> [Problem requirements]: Copy out the lines of the records below, and only those lines, from the one with "Definition Lp_disc (p" through the one with "the cube gives", exactly as they appear.

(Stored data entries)
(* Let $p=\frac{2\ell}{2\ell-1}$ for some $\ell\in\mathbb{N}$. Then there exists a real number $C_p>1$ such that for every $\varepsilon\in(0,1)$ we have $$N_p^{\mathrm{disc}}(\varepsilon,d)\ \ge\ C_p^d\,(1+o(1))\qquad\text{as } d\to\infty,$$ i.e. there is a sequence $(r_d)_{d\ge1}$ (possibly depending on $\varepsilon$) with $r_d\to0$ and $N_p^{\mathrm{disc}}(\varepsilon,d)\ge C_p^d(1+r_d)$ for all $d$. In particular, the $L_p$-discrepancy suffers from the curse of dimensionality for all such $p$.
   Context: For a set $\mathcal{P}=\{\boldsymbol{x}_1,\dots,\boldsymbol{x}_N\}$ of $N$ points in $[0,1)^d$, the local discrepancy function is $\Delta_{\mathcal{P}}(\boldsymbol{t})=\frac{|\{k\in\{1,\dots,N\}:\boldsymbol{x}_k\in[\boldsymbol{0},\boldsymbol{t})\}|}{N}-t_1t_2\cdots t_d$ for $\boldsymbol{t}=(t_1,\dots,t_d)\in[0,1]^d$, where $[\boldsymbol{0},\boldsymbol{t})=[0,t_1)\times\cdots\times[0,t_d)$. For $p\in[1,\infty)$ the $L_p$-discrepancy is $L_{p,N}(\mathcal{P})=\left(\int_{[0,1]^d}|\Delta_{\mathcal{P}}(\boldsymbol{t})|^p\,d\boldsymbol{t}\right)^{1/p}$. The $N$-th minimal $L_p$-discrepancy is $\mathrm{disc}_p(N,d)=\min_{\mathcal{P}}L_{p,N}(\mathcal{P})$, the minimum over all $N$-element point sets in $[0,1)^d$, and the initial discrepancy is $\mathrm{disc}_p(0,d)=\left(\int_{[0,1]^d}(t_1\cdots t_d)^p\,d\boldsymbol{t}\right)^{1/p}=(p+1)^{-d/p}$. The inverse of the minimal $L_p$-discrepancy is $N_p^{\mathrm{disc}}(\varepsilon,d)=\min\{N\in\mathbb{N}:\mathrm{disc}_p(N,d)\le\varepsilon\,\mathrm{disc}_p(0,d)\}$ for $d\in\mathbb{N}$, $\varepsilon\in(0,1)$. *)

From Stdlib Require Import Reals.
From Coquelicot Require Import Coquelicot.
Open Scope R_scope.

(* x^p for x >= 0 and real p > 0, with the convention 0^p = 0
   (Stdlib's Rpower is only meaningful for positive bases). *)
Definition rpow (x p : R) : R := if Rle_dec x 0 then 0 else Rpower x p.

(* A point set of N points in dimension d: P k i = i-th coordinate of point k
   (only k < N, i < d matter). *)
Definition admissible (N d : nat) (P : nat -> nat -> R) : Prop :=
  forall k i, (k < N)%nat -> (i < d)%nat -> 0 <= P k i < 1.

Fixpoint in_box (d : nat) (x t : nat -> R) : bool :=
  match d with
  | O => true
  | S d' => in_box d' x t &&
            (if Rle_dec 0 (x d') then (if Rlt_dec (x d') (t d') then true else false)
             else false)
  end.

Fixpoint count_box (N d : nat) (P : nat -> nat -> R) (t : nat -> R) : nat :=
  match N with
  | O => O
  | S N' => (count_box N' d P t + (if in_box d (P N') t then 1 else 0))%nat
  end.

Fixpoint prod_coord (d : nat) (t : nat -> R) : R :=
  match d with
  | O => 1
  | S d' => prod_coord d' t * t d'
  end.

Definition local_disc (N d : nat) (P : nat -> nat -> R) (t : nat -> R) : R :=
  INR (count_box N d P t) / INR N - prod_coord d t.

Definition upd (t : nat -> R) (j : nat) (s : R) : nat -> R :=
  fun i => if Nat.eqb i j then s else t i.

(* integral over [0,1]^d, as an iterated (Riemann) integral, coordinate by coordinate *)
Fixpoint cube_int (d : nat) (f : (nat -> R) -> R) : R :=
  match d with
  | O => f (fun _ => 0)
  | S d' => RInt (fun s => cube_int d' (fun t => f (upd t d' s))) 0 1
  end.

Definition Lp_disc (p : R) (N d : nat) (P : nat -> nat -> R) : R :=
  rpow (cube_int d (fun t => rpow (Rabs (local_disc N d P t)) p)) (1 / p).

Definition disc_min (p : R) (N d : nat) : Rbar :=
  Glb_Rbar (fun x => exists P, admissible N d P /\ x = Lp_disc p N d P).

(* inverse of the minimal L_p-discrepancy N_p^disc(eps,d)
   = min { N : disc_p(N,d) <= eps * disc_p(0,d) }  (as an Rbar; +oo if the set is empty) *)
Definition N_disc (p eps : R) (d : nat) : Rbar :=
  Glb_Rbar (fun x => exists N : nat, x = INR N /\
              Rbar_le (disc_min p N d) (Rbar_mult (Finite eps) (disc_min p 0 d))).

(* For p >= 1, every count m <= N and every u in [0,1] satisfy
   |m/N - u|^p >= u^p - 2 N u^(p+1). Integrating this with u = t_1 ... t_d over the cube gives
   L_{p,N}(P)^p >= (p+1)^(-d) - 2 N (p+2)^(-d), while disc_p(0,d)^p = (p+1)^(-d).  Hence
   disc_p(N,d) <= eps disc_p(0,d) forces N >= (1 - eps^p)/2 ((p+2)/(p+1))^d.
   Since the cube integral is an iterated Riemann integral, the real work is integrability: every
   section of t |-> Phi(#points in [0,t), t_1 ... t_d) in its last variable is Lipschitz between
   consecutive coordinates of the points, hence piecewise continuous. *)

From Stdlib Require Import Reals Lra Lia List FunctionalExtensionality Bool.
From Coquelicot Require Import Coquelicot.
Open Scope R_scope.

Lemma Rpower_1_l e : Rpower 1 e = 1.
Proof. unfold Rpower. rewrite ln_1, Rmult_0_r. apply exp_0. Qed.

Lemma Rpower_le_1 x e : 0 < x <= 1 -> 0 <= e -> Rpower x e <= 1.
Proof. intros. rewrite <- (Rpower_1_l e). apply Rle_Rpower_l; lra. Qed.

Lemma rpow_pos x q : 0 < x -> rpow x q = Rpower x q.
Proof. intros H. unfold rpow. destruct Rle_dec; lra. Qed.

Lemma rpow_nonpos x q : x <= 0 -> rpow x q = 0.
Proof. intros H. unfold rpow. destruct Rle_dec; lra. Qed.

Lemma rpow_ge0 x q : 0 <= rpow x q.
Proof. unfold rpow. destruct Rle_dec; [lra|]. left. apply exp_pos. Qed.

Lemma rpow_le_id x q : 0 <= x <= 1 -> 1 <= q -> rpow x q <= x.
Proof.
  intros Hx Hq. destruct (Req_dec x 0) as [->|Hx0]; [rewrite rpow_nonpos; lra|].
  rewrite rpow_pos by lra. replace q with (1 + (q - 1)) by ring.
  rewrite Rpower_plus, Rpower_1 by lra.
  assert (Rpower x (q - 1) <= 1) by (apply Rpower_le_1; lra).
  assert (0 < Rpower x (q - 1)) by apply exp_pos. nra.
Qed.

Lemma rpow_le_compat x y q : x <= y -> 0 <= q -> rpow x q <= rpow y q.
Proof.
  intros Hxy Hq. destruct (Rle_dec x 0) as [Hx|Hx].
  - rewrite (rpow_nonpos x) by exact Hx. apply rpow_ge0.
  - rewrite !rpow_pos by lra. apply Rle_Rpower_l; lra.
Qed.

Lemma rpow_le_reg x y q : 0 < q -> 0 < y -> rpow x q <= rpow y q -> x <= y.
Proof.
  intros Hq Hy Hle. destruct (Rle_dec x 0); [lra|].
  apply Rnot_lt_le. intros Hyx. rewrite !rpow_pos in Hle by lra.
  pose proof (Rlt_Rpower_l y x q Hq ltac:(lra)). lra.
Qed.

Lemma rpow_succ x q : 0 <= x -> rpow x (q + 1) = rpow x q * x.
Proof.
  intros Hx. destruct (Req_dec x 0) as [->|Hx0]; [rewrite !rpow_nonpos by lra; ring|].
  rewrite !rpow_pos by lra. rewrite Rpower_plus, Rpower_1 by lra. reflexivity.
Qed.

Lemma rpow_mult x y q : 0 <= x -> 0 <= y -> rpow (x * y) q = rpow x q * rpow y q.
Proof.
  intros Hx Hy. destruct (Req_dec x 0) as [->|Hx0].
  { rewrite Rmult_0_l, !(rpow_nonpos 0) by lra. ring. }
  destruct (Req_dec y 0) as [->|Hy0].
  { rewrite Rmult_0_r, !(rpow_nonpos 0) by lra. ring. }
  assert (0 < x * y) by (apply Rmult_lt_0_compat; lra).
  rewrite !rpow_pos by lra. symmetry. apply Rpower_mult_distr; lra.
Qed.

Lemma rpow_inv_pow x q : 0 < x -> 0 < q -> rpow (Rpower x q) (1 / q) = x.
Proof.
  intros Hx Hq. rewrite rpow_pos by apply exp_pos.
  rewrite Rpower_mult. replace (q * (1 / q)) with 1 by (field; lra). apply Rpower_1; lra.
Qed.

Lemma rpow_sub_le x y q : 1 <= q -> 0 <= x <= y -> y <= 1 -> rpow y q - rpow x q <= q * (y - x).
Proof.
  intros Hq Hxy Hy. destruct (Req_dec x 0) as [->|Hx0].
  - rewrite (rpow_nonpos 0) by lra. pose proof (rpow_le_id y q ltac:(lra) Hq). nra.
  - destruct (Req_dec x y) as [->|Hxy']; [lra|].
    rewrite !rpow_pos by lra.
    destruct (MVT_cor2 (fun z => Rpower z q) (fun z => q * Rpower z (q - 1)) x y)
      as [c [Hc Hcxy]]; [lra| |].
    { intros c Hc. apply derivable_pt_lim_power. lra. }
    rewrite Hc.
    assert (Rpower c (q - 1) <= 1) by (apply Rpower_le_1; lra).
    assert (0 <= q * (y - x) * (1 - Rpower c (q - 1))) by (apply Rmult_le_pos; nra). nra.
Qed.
...
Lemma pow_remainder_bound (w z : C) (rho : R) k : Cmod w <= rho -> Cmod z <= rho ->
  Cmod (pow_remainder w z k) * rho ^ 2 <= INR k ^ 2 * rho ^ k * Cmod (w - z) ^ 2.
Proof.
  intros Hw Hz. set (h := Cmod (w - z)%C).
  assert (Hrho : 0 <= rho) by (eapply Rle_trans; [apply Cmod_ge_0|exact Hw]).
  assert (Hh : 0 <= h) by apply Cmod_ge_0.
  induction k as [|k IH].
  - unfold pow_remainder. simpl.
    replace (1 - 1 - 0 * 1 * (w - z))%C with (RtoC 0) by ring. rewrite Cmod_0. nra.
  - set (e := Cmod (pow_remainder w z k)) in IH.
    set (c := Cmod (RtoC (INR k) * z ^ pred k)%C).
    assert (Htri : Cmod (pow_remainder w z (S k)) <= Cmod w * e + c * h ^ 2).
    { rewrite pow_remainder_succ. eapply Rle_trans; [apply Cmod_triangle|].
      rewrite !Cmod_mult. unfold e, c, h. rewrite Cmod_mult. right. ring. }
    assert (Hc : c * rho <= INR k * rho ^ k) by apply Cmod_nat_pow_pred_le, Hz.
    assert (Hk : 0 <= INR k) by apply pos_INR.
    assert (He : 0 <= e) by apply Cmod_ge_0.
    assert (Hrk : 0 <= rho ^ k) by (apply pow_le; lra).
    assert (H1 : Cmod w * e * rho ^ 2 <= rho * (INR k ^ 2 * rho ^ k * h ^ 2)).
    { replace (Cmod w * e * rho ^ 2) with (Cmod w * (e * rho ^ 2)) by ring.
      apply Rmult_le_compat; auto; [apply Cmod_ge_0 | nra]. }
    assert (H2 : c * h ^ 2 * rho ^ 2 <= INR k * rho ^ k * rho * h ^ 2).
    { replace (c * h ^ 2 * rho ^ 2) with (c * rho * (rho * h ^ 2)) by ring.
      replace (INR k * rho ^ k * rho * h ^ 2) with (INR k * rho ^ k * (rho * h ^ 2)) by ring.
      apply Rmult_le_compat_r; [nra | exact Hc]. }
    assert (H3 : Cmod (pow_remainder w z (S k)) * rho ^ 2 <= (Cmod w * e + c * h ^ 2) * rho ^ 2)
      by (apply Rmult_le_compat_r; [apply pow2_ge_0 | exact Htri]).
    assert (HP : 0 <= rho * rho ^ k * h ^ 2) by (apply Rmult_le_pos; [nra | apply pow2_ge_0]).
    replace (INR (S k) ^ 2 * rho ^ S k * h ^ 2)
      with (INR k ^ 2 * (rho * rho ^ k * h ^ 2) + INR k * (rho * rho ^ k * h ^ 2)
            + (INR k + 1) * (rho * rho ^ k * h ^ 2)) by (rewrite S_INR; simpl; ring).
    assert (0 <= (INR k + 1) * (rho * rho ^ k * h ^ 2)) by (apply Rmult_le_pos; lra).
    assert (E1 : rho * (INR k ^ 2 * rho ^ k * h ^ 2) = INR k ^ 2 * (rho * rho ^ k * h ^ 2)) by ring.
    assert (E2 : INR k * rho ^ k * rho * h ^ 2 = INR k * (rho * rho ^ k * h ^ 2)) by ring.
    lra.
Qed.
...
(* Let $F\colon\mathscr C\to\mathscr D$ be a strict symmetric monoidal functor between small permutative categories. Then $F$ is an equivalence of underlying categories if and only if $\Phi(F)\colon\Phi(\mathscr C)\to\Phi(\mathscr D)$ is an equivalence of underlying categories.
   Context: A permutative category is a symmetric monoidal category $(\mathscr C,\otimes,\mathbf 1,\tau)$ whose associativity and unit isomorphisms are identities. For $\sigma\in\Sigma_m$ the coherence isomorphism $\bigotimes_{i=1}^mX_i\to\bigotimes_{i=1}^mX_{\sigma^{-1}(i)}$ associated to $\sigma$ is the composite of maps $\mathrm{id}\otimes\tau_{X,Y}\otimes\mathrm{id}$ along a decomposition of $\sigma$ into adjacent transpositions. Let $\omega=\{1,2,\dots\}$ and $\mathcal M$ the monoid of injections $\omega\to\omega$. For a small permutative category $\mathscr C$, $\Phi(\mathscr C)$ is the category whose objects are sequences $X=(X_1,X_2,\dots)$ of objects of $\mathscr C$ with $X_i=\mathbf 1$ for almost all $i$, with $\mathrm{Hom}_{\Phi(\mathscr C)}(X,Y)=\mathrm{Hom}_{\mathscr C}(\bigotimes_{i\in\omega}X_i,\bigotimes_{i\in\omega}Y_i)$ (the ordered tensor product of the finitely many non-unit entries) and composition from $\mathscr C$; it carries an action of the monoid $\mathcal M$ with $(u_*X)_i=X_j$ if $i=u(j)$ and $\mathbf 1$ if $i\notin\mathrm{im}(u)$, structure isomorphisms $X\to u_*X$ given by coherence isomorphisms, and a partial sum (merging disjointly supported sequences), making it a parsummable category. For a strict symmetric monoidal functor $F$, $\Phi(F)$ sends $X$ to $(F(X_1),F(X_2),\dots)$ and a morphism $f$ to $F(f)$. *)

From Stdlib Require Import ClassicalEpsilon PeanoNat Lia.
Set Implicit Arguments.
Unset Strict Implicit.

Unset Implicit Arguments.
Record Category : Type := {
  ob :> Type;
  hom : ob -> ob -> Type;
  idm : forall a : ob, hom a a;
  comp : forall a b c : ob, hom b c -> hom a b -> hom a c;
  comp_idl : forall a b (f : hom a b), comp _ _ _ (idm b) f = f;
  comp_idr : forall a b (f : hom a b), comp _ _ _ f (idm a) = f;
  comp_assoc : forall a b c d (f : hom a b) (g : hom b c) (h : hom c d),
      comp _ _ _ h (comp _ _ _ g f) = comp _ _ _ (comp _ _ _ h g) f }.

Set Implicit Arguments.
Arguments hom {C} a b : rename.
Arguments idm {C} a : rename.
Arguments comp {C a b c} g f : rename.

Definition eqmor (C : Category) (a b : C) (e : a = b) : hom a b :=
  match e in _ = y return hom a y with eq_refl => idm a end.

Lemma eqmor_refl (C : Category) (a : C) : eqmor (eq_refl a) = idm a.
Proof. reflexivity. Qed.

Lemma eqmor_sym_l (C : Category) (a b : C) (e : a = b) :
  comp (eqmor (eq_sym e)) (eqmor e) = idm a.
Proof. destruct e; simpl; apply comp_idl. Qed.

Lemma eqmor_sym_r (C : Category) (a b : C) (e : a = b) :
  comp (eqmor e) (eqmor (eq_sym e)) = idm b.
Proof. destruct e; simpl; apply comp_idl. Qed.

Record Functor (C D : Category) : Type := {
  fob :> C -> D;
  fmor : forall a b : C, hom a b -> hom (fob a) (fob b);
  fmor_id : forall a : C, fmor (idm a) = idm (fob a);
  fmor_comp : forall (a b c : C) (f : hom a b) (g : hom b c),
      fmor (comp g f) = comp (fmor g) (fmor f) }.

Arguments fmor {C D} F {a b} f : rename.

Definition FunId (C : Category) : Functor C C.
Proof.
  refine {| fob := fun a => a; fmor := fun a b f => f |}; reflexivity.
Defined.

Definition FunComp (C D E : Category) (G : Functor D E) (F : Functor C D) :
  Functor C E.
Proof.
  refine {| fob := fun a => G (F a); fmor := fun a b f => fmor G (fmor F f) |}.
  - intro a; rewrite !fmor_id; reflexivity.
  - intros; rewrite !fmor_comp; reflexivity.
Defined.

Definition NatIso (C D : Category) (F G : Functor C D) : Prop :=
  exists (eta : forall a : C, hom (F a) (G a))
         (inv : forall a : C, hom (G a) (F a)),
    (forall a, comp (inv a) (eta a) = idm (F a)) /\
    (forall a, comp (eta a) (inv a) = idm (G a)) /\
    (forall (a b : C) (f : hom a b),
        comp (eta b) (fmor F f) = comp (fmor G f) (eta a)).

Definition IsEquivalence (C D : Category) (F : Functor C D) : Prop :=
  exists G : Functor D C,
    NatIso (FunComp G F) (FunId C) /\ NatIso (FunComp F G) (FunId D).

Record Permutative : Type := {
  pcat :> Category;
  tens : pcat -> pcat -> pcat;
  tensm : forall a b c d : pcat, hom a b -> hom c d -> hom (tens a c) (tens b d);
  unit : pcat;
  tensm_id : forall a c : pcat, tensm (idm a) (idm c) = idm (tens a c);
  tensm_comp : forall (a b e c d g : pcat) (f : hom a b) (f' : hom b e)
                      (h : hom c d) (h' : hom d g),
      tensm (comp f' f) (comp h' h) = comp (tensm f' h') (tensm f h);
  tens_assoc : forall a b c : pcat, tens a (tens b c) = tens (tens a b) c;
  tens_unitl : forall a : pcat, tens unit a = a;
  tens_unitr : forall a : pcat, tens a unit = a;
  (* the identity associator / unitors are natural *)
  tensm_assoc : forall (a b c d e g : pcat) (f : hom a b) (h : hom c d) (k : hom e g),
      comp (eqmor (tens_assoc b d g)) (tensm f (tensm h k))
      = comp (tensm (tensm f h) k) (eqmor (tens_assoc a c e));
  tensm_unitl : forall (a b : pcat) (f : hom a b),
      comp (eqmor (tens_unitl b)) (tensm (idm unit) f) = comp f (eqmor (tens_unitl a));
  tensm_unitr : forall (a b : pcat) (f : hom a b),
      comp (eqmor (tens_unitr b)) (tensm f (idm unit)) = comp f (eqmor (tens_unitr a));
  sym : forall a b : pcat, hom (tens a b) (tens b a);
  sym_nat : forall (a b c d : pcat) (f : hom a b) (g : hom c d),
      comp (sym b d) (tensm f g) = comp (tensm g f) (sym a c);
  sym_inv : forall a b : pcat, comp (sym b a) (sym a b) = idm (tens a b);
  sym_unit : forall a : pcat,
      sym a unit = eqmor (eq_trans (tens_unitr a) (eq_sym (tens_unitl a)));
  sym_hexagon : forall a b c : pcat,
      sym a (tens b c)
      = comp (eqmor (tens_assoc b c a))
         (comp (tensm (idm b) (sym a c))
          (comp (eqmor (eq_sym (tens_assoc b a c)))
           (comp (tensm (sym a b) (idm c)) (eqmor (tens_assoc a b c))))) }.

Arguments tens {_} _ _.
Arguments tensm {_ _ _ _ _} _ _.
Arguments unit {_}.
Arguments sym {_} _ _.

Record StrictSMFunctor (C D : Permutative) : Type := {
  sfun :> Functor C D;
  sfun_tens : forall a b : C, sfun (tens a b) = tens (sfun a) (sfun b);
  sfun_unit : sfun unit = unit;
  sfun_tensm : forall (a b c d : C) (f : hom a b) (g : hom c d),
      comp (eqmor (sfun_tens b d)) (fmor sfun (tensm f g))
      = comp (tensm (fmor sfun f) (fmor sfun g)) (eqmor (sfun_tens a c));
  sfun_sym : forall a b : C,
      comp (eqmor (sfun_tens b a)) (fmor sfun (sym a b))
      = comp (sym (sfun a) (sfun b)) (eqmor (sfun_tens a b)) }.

> [Your response]:
Definition Lp_disc (p : R) (N d : nat) (P : nat -> nat -> R) : R :=
  rpow (cube_int d (fun t => rpow (Rabs (local_disc N d P t)) p)) (1 / p).

Definition disc_min (p : R) (N d : nat) : Rbar :=
  Glb_Rbar (fun x => exists P, admissible N d P /\ x = Lp_disc p N d P).

(* inverse of the minimal L_p-discrepancy N_p^disc(eps,d)
   = min { N : disc_p(N,d) <= eps * disc_p(0,d) }  (as an Rbar; +oo if the set is empty) *)
Definition N_disc (p eps : R) (d : nat) : Rbar :=
  Glb_Rbar (fun x => exists N : nat, x = INR N /\
              Rbar_le (disc_min p N d) (Rbar_mult (Finite eps) (disc_min p 0 d))).

(* For p >= 1, every count m <= N and every u in [0,1] satisfy
   |m/N - u|^p >= u^p - 2 N u^(p+1). Integrating this with u = t_1 ... t_d over the cube gives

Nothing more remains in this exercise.